**Activity**
Please restate exactly what appears in the records below from the first line to the line where "Lemma in_Balpha_comb (alpha" is, that line included.

**Record extracts**

(* Every closed ball $B(p,r)$ of $(\mathbb H,d_\alpha)$ is a convex subset of $\mathbb R^3$ in the Euclidean sense.
   Context: $\mathbb H=\mathbb R^3$ with group law $(x,y,z)\cdot(x',y',z')=(x+x',y+y',z+z'+\tfrac12(xy'-yx'))$ and dilations $\delta_\lambda(x,y,z)=(\lambda x,\lambda y,\lambda^2z)$. Fix $\alpha>0$ such that $d_\alpha(p,q)=\inf\{r>0:\delta_{1/r}(p^{-1}\cdot q)\in B_\alpha\}$ is a distance on $\mathbb H$, where $B_\alpha$ is the closed Euclidean ball of radius $\alpha$ centered at $0$. $B(p,r)=\{q:d_\alpha(q,p)\le r\}$. *)

From Stdlib Require Import Reals.
Open Scope R_scope.

Definition pt : Type := (R * R * R)%type.

Definition hmul (p q : pt) : pt :=
  let '(x, y, z) := p in let '(x', y', z') := q in
  (x + x', y + y', z + z' + / 2 * (x * y' - y * x')).

Definition hinv (p : pt) : pt := let '(x, y, z) := p in (- x, - y, - z).

Definition dil (l : R) (p : pt) : pt :=
  let '(x, y, z) := p in (l * x, l * y, l * l * z).

Definition in_Balpha (alpha : R) (p : pt) : Prop :=
  let '(x, y, z) := p in x * x + y * y + z * z <= alpha * alpha.

Definition Dset (alpha : R) (p q : pt) (r : R) : Prop :=
  r > 0 /\ in_Balpha alpha (dil (/ r) (hmul (hinv p) q)).

Definition is_inf (S : R -> Prop) (m : R) : Prop :=
  (forall r, S r -> m <= r) /\ (forall b, (forall r, S r -> b <= r) -> b <= m).

Definition is_distance (d : pt -> pt -> R) : Prop :=
  (forall p q, 0 <= d p q) /\
  (forall p q, d p q = 0 <-> p = q) /\
  (forall p q, d p q = d q p) /\
  (forall p q s, d p s <= d p q + d q s).

Definition comb (t : R) (p q : pt) : pt :=
  let '(x, y, z) := p in let '(x', y', z') := q in
  ((1 - t) * x + t * x', (1 - t) * y + t * y', (1 - t) * z + t * z').

Definition euclid_convex (A : pt -> Prop) : Prop :=
  forall p q t, A p -> A q -> 0 <= t <= 1 -> A (comb t p q).

From Stdlib Require Import Reals Lra Psatz Classical.
Open Scope R_scope.

(* Left translations and dilations are affine maps of R^3 and B_alpha is
   Euclidean convex, so for each s > 0 the set {q | dil (/ s) (p^-1 q) \in B_alpha}
   is convex.  These sets increase with s, and the ball B(p, r) is their
   intersection over s > r. *)

Lemma in_Balpha_comb (alpha t : R) (u v : pt) :
  in_Balpha alpha u -> in_Balpha alpha v -> 0 <= t <= 1 ->
  in_Balpha alpha (comb t u v).
Proof.
  destruct u as [[x y] z], v as [[x' y'] z']; simpl; intros Hu Hv Ht.
  set (D := (x - x') * (x - x') + (y - y') * (y - y') + (z - z') * (z - z')).
  assert (Hsq : ((1 - t) * x + t * x') * ((1 - t) * x + t * x') +
    ((1 - t) * y + t * y') * ((1 - t) * y + t * y') +
    ((1 - t) * z + t * z') * ((1 - t) * z + t * z') =
    (1 - t) * (x * x + y * y + z * z) + t * (x' * x' + y' * y' + z' * z')
    - t * (1 - t) * D) by (unfold D; ring).
  assert (HD : 0 <= D).
  { unfold D; pose proof (Rle_0_sqr (x - x')); pose proof (Rle_0_sqr (y - y'));
    pose proof (Rle_0_sqr (z - z')); unfold Rsqr in *; lra. }
  assert (0 <= t * (1 - t) * D) by (apply Rmult_le_pos; nra).
  assert ((1 - t) * (x * x + y * y + z * z) <= (1 - t) * (alpha * alpha))
    by (apply Rmult_le_compat_l; lra).
  assert (t * (x' * x' + y' * y' + z' * z') <= t * (alpha * alpha))
    by (apply Rmult_le_compat_l; lra).
  rewrite Hsq; lra.
Qed.

Lemma hmul_comb (p q q' : pt) (t : R) :
  hmul p (comb t q q') = comb t (hmul p q) (hmul p q').
Proof.
  destruct p as [[a b] c], q as [[x y] z], q' as [[x' y'] z']; simpl.
  f_equal; [f_equal|]; ring.
Qed.

Lemma dil_comb (k t : R) (q q' : pt) :
  dil k (comb t q q') = comb t (dil k q) (dil k q').
Proof.
  destruct q as [[x y] z], q' as [[x' y'] z']; simpl.
  f_equal; [f_equal|]; ring.
Qed.

Lemma in_Balpha_dil_le (alpha k k' : R) (w : pt) :
  0 <= k <= k' -> in_Balpha alpha (dil k' w) -> in_Balpha alpha (dil k w).
Proof.
  destruct w as [[x y] z]; simpl; intros Hk Hw.
  assert (Hk2 : 0 <= k * k <= k' * k') by nra.
  assert (Hk4 : (k * k) * (k * k) <= (k' * k') * (k' * k')) by nra.
  assert (Hx : (k * x) * (k * x) <= (k' * x) * (k' * x)) by nra.
  assert (Hy : (k * y) * (k * y) <= (k' * y) * (k' * y)) by nra.
  assert (Hz : (k * k * z) * (k * k * z) <= (k' * k' * z) * (k' * k' * z)).
  { replace ((k * k * z) * (k * k * z)) with ((k * k) * (k * k) * (z * z)) by ring.
    replace ((k' * k' * z) * (k' * k' * z))
      with ((k' * k') * (k' * k') * (z * z)) by ring.
    apply Rmult_le_compat_r; nra. }
  lra.
Qed.

Lemma Dset_le (alpha : R) (p q : pt) (s s' : R) :
  Dset alpha p q s -> s <= s' -> Dset alpha p q s'.
Proof.
  intros [Hs HB] Hss'; split; [lra|].
  apply (in_Balpha_dil_le _ _ (/ s)); [|exact HB].
  split; [left; apply Rinv_0_lt_compat; lra | apply Rinv_le_contravar; lra].
Qed.

Lemma Dset_comb (alpha : R) (p q q' : pt) (s t : R) :
  Dset alpha p q s -> Dset alpha p q' s -> 0 <= t <= 1 ->
  Dset alpha p (comb t q q') s.
Proof.
  intros [Hs Hq] [_ Hq'] Ht; split; [exact Hs|].
  rewrite hmul_comb, dil_comb; apply in_Balpha_comb; assumption.
Qed.

Lemma is_inf_upward_lt (S : R -> Prop) (m s : R) :
  is_inf S m -> (forall r r', S r -> r <= r' -> S r') -> m < s -> S s.
Proof.
  intros [_ Hglb] Hup Hms.
  apply NNPP; intro HnS.
  assert (Hlb : s <= m).
  { apply Hglb; intros r Hr.
    destruct (Rle_or_lt s r) as [Hsr | Hrs]; [exact Hsr|].
    exfalso; apply HnS, (Hup r); [exact Hr | lra]. }
  lra.
Qed.

Lemma Rle_of_forall_gt (x r : R) : (forall s, r < s -> x <= s) -> x <= r.
Proof.
  intro H; apply Rnot_lt_le; intro Hrx.
  specialize (H ((r + x) / 2)); lra.
Qed.

Theorem proposition2p2 (alpha : R) (halpha : alpha > 0)
  (d : pt -> pt -> R)
  (hd : forall p q, is_inf (Dset alpha p q) (d p q))
  (hdist : is_distance d) :
  forall (p : pt) (r : R), euclid_convex (fun q => d q p <= r).
Proof.
  destruct hdist as [_ [_ [Hsym _]]].
  intros p r q q' t Hq Hq' Ht.
  rewrite Hsym in Hq, Hq' |- *.
  assert (Hball : forall w, d p w <= r -> forall s, r < s -> Dset alpha p w s).
  { intros w Hw s Hs.
    apply (is_inf_upward_lt _ (d p w)); [apply hd | apply Dset_le | lra]. }
  apply Rle_of_forall_gt; intros s Hs.
  apply (proj1 (hd p (comb t q q'))).
  apply Dset_comb; auto.
Qed.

**Answer below**
(* Every closed ball $B(p,r)$ of $(\mathbb H,d_\alpha)$ is a convex subset of $\mathbb R^3$ in the Euclidean sense.
   Context: $\mathbb H=\mathbb R^3$ with group law $(x,y,z)\cdot(x',y',z')=(x+x',y+y',z+z'+\tfrac12(xy'-yx'))$ and dilations $\delta_\lambda(x,y,z)=(\lambda x,\lambda y,\lambda^2z)$. Fix $\alpha>0$ such that $d_\alpha(p,q)=\inf\{r>0:\delta_{1/r}(p^{-1}\cdot q)\in B_\alpha\}$ is a distance on $\mathbb H$, where $B_\alpha$ is the closed Euclidean ball of radius $\alpha$ centered at $0$. $B(p,r)=\{q:d_\alpha(q,p)\le r\}$. *)

From Stdlib Require Import Reals.
Open Scope R_scope.

Definition pt : Type := (R * R * R)%type.

Definition hmul (p q : pt) : pt :=
  let '(x, y, z) := p in let '(x', y', z') := q in
  (x + x', y + y', z + z' + / 2 * (x * y' - y * x')).

Definition hinv (p : pt) : pt := let '(x, y, z) := p in (- x, - y, - z).

Definition dil (l : R) (p : pt) : pt :=
  let '(x, y, z) := p in (l * x, l * y, l * l * z).

Definition in_Balpha (alpha : R) (p : pt) : Prop :=
  let '(x, y, z) := p in x * x + y * y + z * z <= alpha * alpha.

Definition Dset (alpha : R) (p q : pt) (r : R) : Prop :=
  r > 0 /\ in_Balpha alpha (dil (/ r) (hmul (hinv p) q)).

Definition is_inf (S : R -> Prop) (m : R) : Prop :=
  (forall r, S r -> m <= r) /\ (forall b, (forall r, S r -> b <= r) -> b <= m).

Definition is_distance (d : pt -> pt -> R) : Prop :=
  (forall p q, 0 <= d p q) /\
  (forall p q, d p q = 0 <-> p = q) /\
  (forall p q, d p q = d q p) /\
  (forall p q s, d p s <= d p q + d q s).

Definition comb (t : R) (p q : pt) : pt :=
  let '(x, y, z) := p in let '(x', y', z') := q in
  ((1 - t) * x + t * x', (1 - t) * y + t * y', (1 - t) * z + t * z').

Definition euclid_convex (A : pt -> Prop) : Prop :=
  forall p q t, A p -> A q -> 0 <= t <= 1 -> A (comb t p q).

From Stdlib Require Import Reals Lra Psatz Classical.
Open Scope R_scope.

(* Left translations and dilations are affine maps of R^3 and B_alpha is
   Euclidean convex, so for each s > 0 the set {q | dil (/ s) (p^-1 q) \in B_alpha}
   is convex.  These sets increase with s, and the ball B(p, r) is their
   intersection over s > r. *)

Lemma in_Balpha_comb (alpha t : R) (u v : pt) :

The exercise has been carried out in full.